Raid 1 in HPE Gen10

Sam Varshavchik mrsam at courier-mta.com
Thu Jun 19 11:48:05 UTC 2025


Robert Moskowitz via ubuntu-users writes:

> I have an HPE Gen 10 with 4 4TB drives that has been sitting for 2 years for  
> me to figure out how to get RAID working.
>
> Now that I am working with Ubuntu, it almost makes sense, but I am not  
> there.  Yet.
>
> Seems I have to go into custom setup for the drives.
>
> So far I have only taken 2 drives into a RAID1 config and the other two into  
> an LVM
>
> Once I selected Raid and put the two drives in it, I was only offered  
> formatting as EXT4 for /
>
> I am being told I need a boot partition.  Of course.
>
> So is there any decent guide for this?

It is certainly possible because I have done this exact same thing, but  
using mdraid rather than any hardware-based RAID. A lot of ink has been  
spilled about this, over the years, but the capsule summary is that mdraid  
over the long term will fare better. You can pull the disks and drop them  
into another box and it'll just work, for example. You can't do this with  
hardware RAID, without also installing identical hardware, too. And if your  
hardware RAID card gives up the magic smoke you're SOL, unti you can find an  
identical replacement.

I basically followed this:

https://askubuntu.com/questions/1299978/

but skipped some of the fluff up front. The capsule summary is:

1) Boot the installer, open a terminal shell

2) apt update, apt install mdadm

3) Use fdisk (or sgdisk) to partition both drives, then use mdadm to  
assemble them into RAID arrays.

This is where I wish I've done something different than the guide, which  
basically tells you that the EFI boot partition is SOL, as far as mdraid  
goes, and gives you marching orders to just create a non-RAID partition on  
both disks, use the one on the boot drive for the UEFI partition, set up  
some automation to dd it to the other drive's partition, and use efibootmgr  
to include both disks as bootable devices.

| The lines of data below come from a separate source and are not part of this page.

Section Main.
Variables (n m : nat) (G : 'M[int]_n) (H : 'M[int]_m) (P : set 'rV[R]_n) (x0 : 'rV[R]_n).
Hypotheses (eG : even_lattice G) (hG : hyperbolic R G).
Hypotheses (eH : even_lattice H) (nH : neg_definite R H).
Hypotheses (x0_pos : pos_cone G x0) (Peq : P = connected_component (pos_cone G) x0).

Local Notation GM := (gram_sum G H).
Let sG : G^T = G := eG.1.
Let dG : \det G != 0 := eG.2.1.
Let sGM : GM^T = GM := gram_sum_sym eG.1 eH.1.
Let GM_pos_neq0 := @gram_sum_pos_rform_neq0 _ _ _ _ eG.1 eH.1 hG (neg_definite_le0 nH).

Definition PLM : set 'rV[R]_(n + m) :=
  \bigcup_(C in [set y | exists2 x, P x & y = connected_component (pos_cone GM) (emb m x)]) C.

Lemma P_half_cone x : P x -> P = pos_half_cone G x.
Proof.
by rewrite Peq => Cx; exact: (pos_component_half_cone sG (@pos_rform_neq0 _ _ sG hG) Cx).
Qed.

Lemma P_pos x : P x -> 0 < rform G x x.
Proof. by rewrite Peq => /connected_component_sub. Qed.

Lemma Px0 : P x0.
Proof. by rewrite Peq; exact: connected_component_refl. Qed.

Lemma PLME : PLM = connected_component (pos_cone GM) (emb m x0).
Proof.
have compE x : P x -> connected_component (pos_cone GM) (emb m x) =
                      connected_component (pos_cone GM) (emb m x0).
  move=> Px; apply/esym/same_connected_component.
  rewrite (pos_componentE sGM GM_pos_neq0); last by rewrite rform_emb; exact: P_pos Px0.
  by move: Px; rewrite (P_half_cone Px0) /pos_half_cone /= !rform_emb.
apply/seteqP; split => [z [_ [x Px ->]]|z Cz]; first by rewrite compE.
by exists (connected_component (pos_cone GM) (emb m x0)) => //; exists x0 => //; exact: Px0.
Qed.

Lemma PLM_half_cone z : PLM z -> PLM = pos_half_cone GM z.
Proof. by rewrite PLME => Cz; exact: (pos_component_half_cone sGM GM_pos_neq0 Cz). Qed.

Lemma PLM_pos z : PLM z -> 0 < rform GM z z.
Proof. by rewrite PLME => /connected_component_sub. Qed.
(* Let $\Sigma$ be a finite alphabet, $m,n$ positive integers with $m\le n$, $u,v\in\Sigma^\star$, and $r\in R_{m,n}(u)\cap R_{m,n}(v)$. Let $i_1,i_2\in[1,|u|]$, $j_1,j_2\in[1,|v|]$ with $\operatorname{ord}(r(u),i_1)\ne\operatorname{ord}(r(v),j_1)$. Then Samson has a winning strategy in the game $\mathrm{FO}^2_{m,n}((u,i_1,i_2),(v,j_1,j_2))$. Moreover, Samson has such a winning strategy whose first move is on $u$ if either $r$ ends with $\triangleright$, $r(u)\le i_1$ and $r(v)\ge j_1$, or $r$ ends with $\triangleleft$, $r(u)\ge i_1$ and $r(v)\le j_1$; and he has such a winning strategy whose first move is on $v$ if either $r$ ends with $\triangleright$, $r(u)\ge i_1$ and $r(v)\le j_1$, or $r$ ends with $\triangleleft$, $r(u)\le i_1$ and $r(v)\ge j_1$.
   Context: Game $\mathrm{FO}^2_{m,n}((u,i_1,i_2),(v,j_1,j_2))$: pebble pair $x$ starts on $i_1$ in $u$ and $j_1$ in $v$, pair $y$ on $i_2$ in $u$ and $j_2$ in $v$. In each of $n$ rounds Samson picks $z\in\{x,y\}$ and places a $z$-pebble on a position of one of the words; Delilah places the mate on a position of the other word. Samson may change the word he plays on at most $m-1$ times. Samson wins if initially or after some round the map $x^u\mapsto x^v$, $y^u\mapsto y^v$ is not a partial isomorphism (pebbled letters differ or $\operatorname{ord}(x^u,y^u)\ne\operatorname{ord}(x^v,y^v)$); otherwise Delilah wins. Boundary positions: $\triangleright_a(w)=\min\{i:w_i=a\}$, $\triangleleft_a(w)=\max\{i:w_i=a\}$, $\triangleright_a(w,q)=\min\{i\in[q+1,|w|]:w_i=a\}$, $\triangleleft_a(w,q)=\max\{i\in[1,q-1]:w_i=a\}$ (undefined if empty); $\triangleright,\triangleleft$ are directions. An $n$-ranker is a sequence $r=(p_1,\dots,p_n)$ of boundary positions with $r(w)=p_1(w)$ if $n=1$, undefined if $(p_1,\dots,p_{n-1})(w)$ is undefined, else $p_n(w,(p_1,\dots,p_{n-1})(w))$; it ends with the direction of $p_n$. An $(m,n)$-ranker is an $n$-ranker whose directions form exactly $m$ maximal blocks of equal direction; $R_{m,n}(w)$ is the set of $(m,n)$-rankers defined over $w$. $\operatorname{ord}(i,j)\in\{<,=,>\}$ is the order type. *)

From mathcomp Require Import all_boot.
Set Implicit Arguments. Unset Strict Implicit. Unset Printing Implicit Defensive.

Section Words.
Variable S : finType.

(* letter at 1-based position i of w (None if i is not a position of w) *)
Definition letter (w : seq S) (i : nat) : option S := onth w i.-1.

(* directions: Rgt = |> (rightward, min), Lft = <| (leftward, max) *)
Inductive dir := Rgt | Lft.
Definition dir_eqb (d e : dir) : bool :=
  match d, e with Rgt, Rgt | Lft, Lft => true | _, _ => false end.

Record bpos := BP { blet : S; bdir : dir }.

Definition rgt_from (a : S) (w : seq S) (q : nat) : option nat :=
  ohead [seq i <- iota 1 (size w) | (q < i) && (letter w i == Some a)].
Definition lft_from (a : S) (w : seq S) (q : nat) : option nat :=
  let s := [seq i <- iota 1 (size w) | (i < q) && (letter w i == Some a)] in
  if s is [::] then None else Some (last 0 s).
Definition rgt (a : S) (w : seq S) : option nat :=
  ohead [seq i <- iota 1 (size w) | letter w i == Some a].
Definition lft (a : S) (w : seq S) : option nat :=
  let s := [seq i <- iota 1 (size w) | letter w i == Some a] in
  if s is [::] then None else Some (last 0 s).

Definition bp_eval (p : bpos) (w : seq S) : option nat :=
  match bdir p with Rgt => rgt (blet p) w | Lft => lft (blet p) w end.
Definition bp_eval_from (p : bpos) (w : seq S) (q : nat) : option nat :=
  match bdir p with Rgt => rgt_from (blet p) w q | Lft => lft_from (blet p) w q end.

Definition rk_eval (r : seq bpos) (w : seq S) : option nat :=
  match r with
  | [::] => None
  | p1 :: rest =>
      foldl (fun acc p => obind (bp_eval_from p w) acc) (bp_eval p1 w) rest
  end.

Definition nblocks (ds : seq dir) : nat :=
  match ds with
  | [::] => 0
  | d :: ds' => (count id (pairmap (fun x y => ~~ dir_eqb x y) d ds')).+1
  end.

Definition mn_ranker (m n : nat) (r : seq bpos) : Prop :=
  size r = n /\ nblocks (map bdir r) = m.

Definition in_R (m n : nat) (w : seq S) (r : seq bpos) : Prop :=
  mn_ranker m n r /\ rk_eval r w <> None.

Definition ends_with (r : seq bpos) (d : dir) : Prop :=
  last Rgt (map bdir r) = d.

(* configuration: x on i1 (in u) / j1 (in v), y on i2 (in u) / j2 (in v) *)
Record config := Cfg { ci1 : nat; ci2 : nat; cj1 : nat; cj2 : nat }.

Definition pos_ok (w : seq S) (i : nat) : Prop := 1 <= i <= size w.

Definition piso (u v : seq S) (c : config) : Prop :=
  letter u (ci1 c) = letter v (cj1 c) /\
  letter u (ci2 c) = letter v (cj2 c) /\
  Nat.compare (ci1 c) (ci2 c) = Nat.compare (cj1 c) (cj2 c).

(* place pebble z (true = x, false = y) at position p in u and q in v *)
Definition place (c : config) (z : bool) (p q : nat) : config :=
  if z then Cfg p (ci2 c) q (cj2 c) else Cfg (ci1 c) p (cj1 c) q.

(* Samson's chosen word: true = u, false = v. Position pu is on u, pv on v. *)
Definition move (c : config) (z side : bool) (ps pd : nat) : config :=
  if side then place c z ps pd else place c z pd ps.

Definition switch_ok (s : nat) (last : option bool) (side : bool) : bool :=
  match last with Some b => (b == side) || (0 < s) | None => true end.
Definition switch_next (s : nat) (last : option bool) (side : bool) : nat :=
  match last with Some b => if b == side then s else s.-1 | None => s end.

(* swin u v k s last c : Samson has a winning strategy from configuration c
   with k rounds remaining, at most s further word changes allowed, and
   [last] the word he played on in the previous round (None before round 1). *)
Fixpoint swin (u v : seq S) (k s : nat) (last : option bool) (c : config)
  : Prop :=
  ~ piso u v c \/
  match k with
  | 0 => False
  | k'.+1 =>
      exists (z side : bool) (ps : nat),
        pos_ok (if side then u else v) ps /\ switch_ok s last side /\
        forall pd, pos_ok (if side then v else u) pd ->
          swin u v k' (switch_next s last side) (Some side) (move c z side ps pd)
  end.

Definition samson_wins (m n : nat) (u : seq S) (i1 i2 : nat)
  (v : seq S) (j1 j2 : nat) : Prop :=
  swin u v n m.-1 None (Cfg i1 i2 j1 j2).

(* If the initial configuration is already not a
   partial isomorphism every strategy wins, in particular one starting on
   that side. *)
Definition samson_wins_first (side : bool) (m n : nat) (u : seq S)
  (i1 i2 : nat) (v : seq S) (j1 j2 : nat) : Prop :=
  let c := Cfg i1 i2 j1 j2 in
  ~ piso u v c \/
  match n with
  | 0 => False
  | n'.+1 =>
      exists (z : bool) (ps : nat),
        pos_ok (if side then u else v) ps /\
        forall pd, pos_ok (if side then v else u) pd ->
          swin u v n' m.-1 (Some side) (move c z side ps pd)
  end.

End Words.

From Stdlib Require Import Classical PeanoNat.
From mathcomp Require Import all_boot zify.
Set Implicit Arguments. Unset Strict Implicit.

(* Induction on the ranker r = r' p, with p = (a, d).  Say d is |> and
   r(u) <= i1, r(v) >= j1 have different order types.  Samson puts the
   pebble not on i1 onto r(u).  Delilah must answer with an a-position of v
   on the same side of j1, hence strictly before r(v); since r(v) is the
   first a after r'(v), her answer is at or before r'(v), whereas r(u) is
   strictly after r'(u).  So the new pebble separates r' in u and v, and the
   induction hypothesis applies: on the same word (no change) when r' also
   ends with |>, and afresh, paying one change of word, when r' ends with <|
   and p opens a new block.  Exchanging u and v gives the other cases. *)

Definition dir_le (d : dir) (a b : nat) : bool := if d is Rgt then a <= b else b <= a.
Definition dir_lt (d : dir) (a b : nat) : bool := if d is Rgt then a < b else b < a.
Definition dir_start (d : dir) (n : nat) : nat := if d is Rgt then 0 else n.+1.

Lemma dir_eqbP (d e : dir) : reflect (d = e) (dir_eqb d e).
Proof. by case: d; case: e; constructor. Qed.

Lemma dir_ltNge d a b : dir_lt d a b = ~~ dir_le d b a.
Proof. by case: d; rewrite /= ltnNge. Qed.

Lemma dir_ltW d a b : dir_lt d a b -> dir_le d a b.
Proof. by case: d => /= /ltnW. Qed.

Since then, I've learned that it should be possible to use mdraid for the  
EFI boot partition by formatting it as mdraid 1.0 instead of mdraid 1.1  
(still need to fiddle with efibootmgr). It just so happens that this is  
exactly the situation on my other box running Fedora, which has no issues  
with the efi boot partition on mdraid (Fedora's installer directly supported  
installation to mdraid for a very long time, at least a decade). I'll try  
that next time.

3) Start the ubuntu installer. It'll be slightly confused and list both the  
physical partitions and the RAID partition together, as installation  
targets. Be sure to select the right partitions (disclaimer, this was the  
story in Ubuntu 20, current experience might vary).